Lemma f''_le x y : dom t x -> x <= y -> f'' t y <= f'' t x.
Proof.
  intros Hx Hxy. destruct (dom_le x y Hx Hxy) as [Hy Hly]. destruct Hx as [Hx Hlx].
  assert (ln x <= ln y) by (apply ln_le; lra).
  assert (Hden : forall k, (0 < k)%nat ->
    / (y ^ 2 * (t + ln y) ^ k) <= / (x ^ 2 * (t + ln x) ^ k)).
  { intros k Hk. apply Rinv_le_contravar; [positivity |].
    apply Rmult_le_compat; try (apply pow_le; lra); apply pow_incr; lra. }
  unfold f'', Rdiv. pose proof (Hden 2%nat ltac:(lia)). pose proof (Hden 3%nat ltac:(lia)). lra.
Qed.

Lemma ex_RInt_f a b : dom t a -> a <= b -> ex_RInt (f t) a b.
Proof.
  intros Ha Hab. apply (ex_RInt_continuous (V := R_CompleteNormedModule)). intros z Hz.
  apply (ex_derive_continuous (f t)). exists (f' t z). apply is_derive_f, (dom_le a); [exact Ha |].
  rewrite Rmin_left in Hz; lra.
Qed.

(* [f''] is convex, so it lies below its mean over [[x - 1/2, x + 1/2]]. *)
Lemma f''_le_f'_diff x : dom t (x - / 2) -> f'' t x <= f' t (x + / 2) - f' t (x - / 2).
Proof.
  intros Hx. set (a := x - / 2).
  assert (Ha : forall y, a <= y <= a + 1 -> dom t y)
    by (intros y Hy; apply (dom_le a); [exact Hx | lra]).
  replace (x + / 2) with (a + 1) by (unfold a; field).
  replace x with (a + / 2) at 1 by (unfold a; field).
  replace (f'' t (a + / 2)) with (f'' t (a + / 2) + 0 / 24) by field.
  apply (midpoint_rule_ge (f'' t) (f''' t) (f'''' t) a).
  - intros y Hy. apply is_derive_f'', Ha, Hy.
  - intros y Hy. apply is_derive_f''', Ha, Hy.
  - apply (is_RInt_derive (f' t) (f'' t)); intros y Hy; rewrite Rmin_left, Rmax_right in Hy by lra.
    + apply is_derive_f', Ha, Hy.
    + apply (ex_derive_continuous (f'' t)). exists (f''' t y). apply is_derive_f'', Ha, Hy.
  - intros y Hy. apply Rlt_le, f''''_gt_0, Ha, Hy.
Qed.

Lemma f'_diff_le_f'' x : dom t x -> f' t (x + 1) - f' t x <= f'' t x.
Proof.
  intros Hx. assert (Hd : forall y, Rmin x (x + 1) <= y <= Rmax x (x + 1) -> dom t y).
  { intros y Hy. rewrite Rmin_left in Hy by lra. apply (dom_le x); [exact Hx | lra]. }
  destruct (MVT_gen (f' t) x (x + 1) (f'' t)) as [c [Hc ->]].
  - intros y Hy. apply is_derive_f', Hd. lra.
  - intros y Hy. apply (continuity_pt_of_is_derive _ _ (f'' t y)), is_derive_f', Hd, Hy.
  - rewrite Rmin_left in Hc by lra. replace (x + 1 - x) with 1 by ring.
    rewrite Rmult_1_r. apply f''_le; [exact Hx | lra].
Qed.

Lemma is_lim_seq_f'_0 c : is_lim_seq (fun k => f' t (INR k + c)) 0.
Proof.
  apply (is_lim_seq_ext
           (fun k => - / ((INR k + c) * ((t + ln (INR k + c)) * (t + ln (INR k + c)))))).
  { intros k. unfold f'. rewrite <- Rsqr_pow2. reflexivity. }
  replace (Finite 0) with (Rbar_opp (Rbar_inv p_infty)) by (simpl; f_equal; ring).
  apply -> is_lim_seq_opp. apply is_lim_seq_inv; [| discriminate].
  apply (is_lim_seq_mult _ _ p_infty p_infty); [apply is_lim_seq_INR_plus | | reflexivity].
  apply (is_lim_seq_mult _ _ p_infty p_infty);
    [apply is_lim_seq_plus_ln | apply is_lim_seq_plus_ln | reflexivity].
Qed.

Lemma eventually_dom : eventually (fun n => (1 <= n)%nat /\ dom t (INR n)).
Proof.
  destruct (proj2 (is_lim_seq_spec _ _) (is_lim_seq_plus_ln t 0) 0) as [M HM].
  exists (S M). intros n Hn. specialize (HM n ltac:(lia)). rewrite Rplus_0_r in HM.
  split; [lia | split; [apply lt_0_INR; lia | exact HM]].
Qed.

End LogReciprocal.

Lemma Rint_RInt g a b : ex_RInt g a b -> Rint g a b = RInt g a b.
Proof.
  intros H. unfold Rint. pose proof (ex_RInt_Reals_0 g a b H) as pr.
  destruct (epsilon_spec (inhabits 0)
              (fun I => exists pr : Riemann_integrable g a b, RiemannInt pr = I))
    as [pr' <-]; [exists (RiemannInt pr), pr; reflexivity |].
  symmetry. apply RInt_Reals.
Qed.

Definition midpoint_error (t : R) (k : nat) : R :=
  RInt (f t) (INR k) (INR k + 1) - f t (INR k + / 2).

Section Delta.

Variable t : R.

Lemma midpoint_error_bounds k : dom t (INR k) ->
  f'' t (INR k + 1) / 24 <= midpoint_error t k <= f'' t (INR k) / 24.
Proof.
  intros Hk. set (x := INR k).
  assert (Hx : forall y, x <= y <= x + 1 -> dom t y)
    by (intros y Hy; apply (dom_le t x); [exact Hk | lra]).
  assert (Hf : forall y, x <= y <= x + 1 -> is_derive (f t) y (f' t y))
    by (intros; apply is_derive_f, Hx; auto).
  assert (Hf' : forall y, x <= y <= x + 1 -> is_derive (f' t) y (f'' t y))
    by (intros; apply is_derive_f', Hx; auto).
  assert (HI := RInt_correct _ _ _ (ex_RInt_f t x (x + 1) Hk ltac:(lra))).
  unfold midpoint_error. fold x. split.
  - pose proof (midpoint_rule_ge _ _ _ _ _ (f'' t (x + 1)) Hf Hf' HI) as H.
    cut (f t (x + / 2) + f'' t (x + 1) / 24 <= RInt (f t) x (x + 1)); [lra |].
    apply H. intros y Hy. apply f''_le; [apply Hx, Hy | lra].
  - pose proof (midpoint_rule_le _ _ _ _ _ Hf Hf' HI (f'' t x)) as H.
    cut (RInt (f t) x (x + 1) <= f t (x + / 2) + f'' t x / 24); [lra |].
    apply H. intros y Hy. apply f''_le; [exact Hk | lra].
Qed.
# # #
◆ Exercise instructions
Keeping every character as it is, restate the lines above that run from the line with "apply (is_lim_seq_mult _ _ p_infty p_infty); [apply" through the line with "intros H. unfold", both included, and nothing else.

◆ Finished task
  apply (is_lim_seq_mult _ _ p_infty p_infty); [apply is_lim_seq_INR_plus | | reflexivity].
  apply (is_lim_seq_mult _ _ p_infty p_infty);
    [apply is_lim_seq_plus_ln | apply is_lim_seq_plus_ln | reflexivity].
Qed.

Lemma eventually_dom : eventually (fun n => (1 <= n)%nat /\ dom t (INR n)).
Proof.
  destruct (proj2 (is_lim_seq_spec _ _) (is_lim_seq_plus_ln t 0) 0) as [M HM].
  exists (S M). intros n Hn. specialize (HM n ltac:(lia)). rewrite Rplus_0_r in HM.
  split; [lia | split; [apply lt_0_INR; lia | exact HM]].
Qed.

End LogReciprocal.

Lemma Rint_RInt g a b : ex_RInt g a b -> Rint g a b = RInt g a b.
Proof.
  intros H. unfold Rint. pose proof (ex_RInt_Reals_0 g a b H) as pr.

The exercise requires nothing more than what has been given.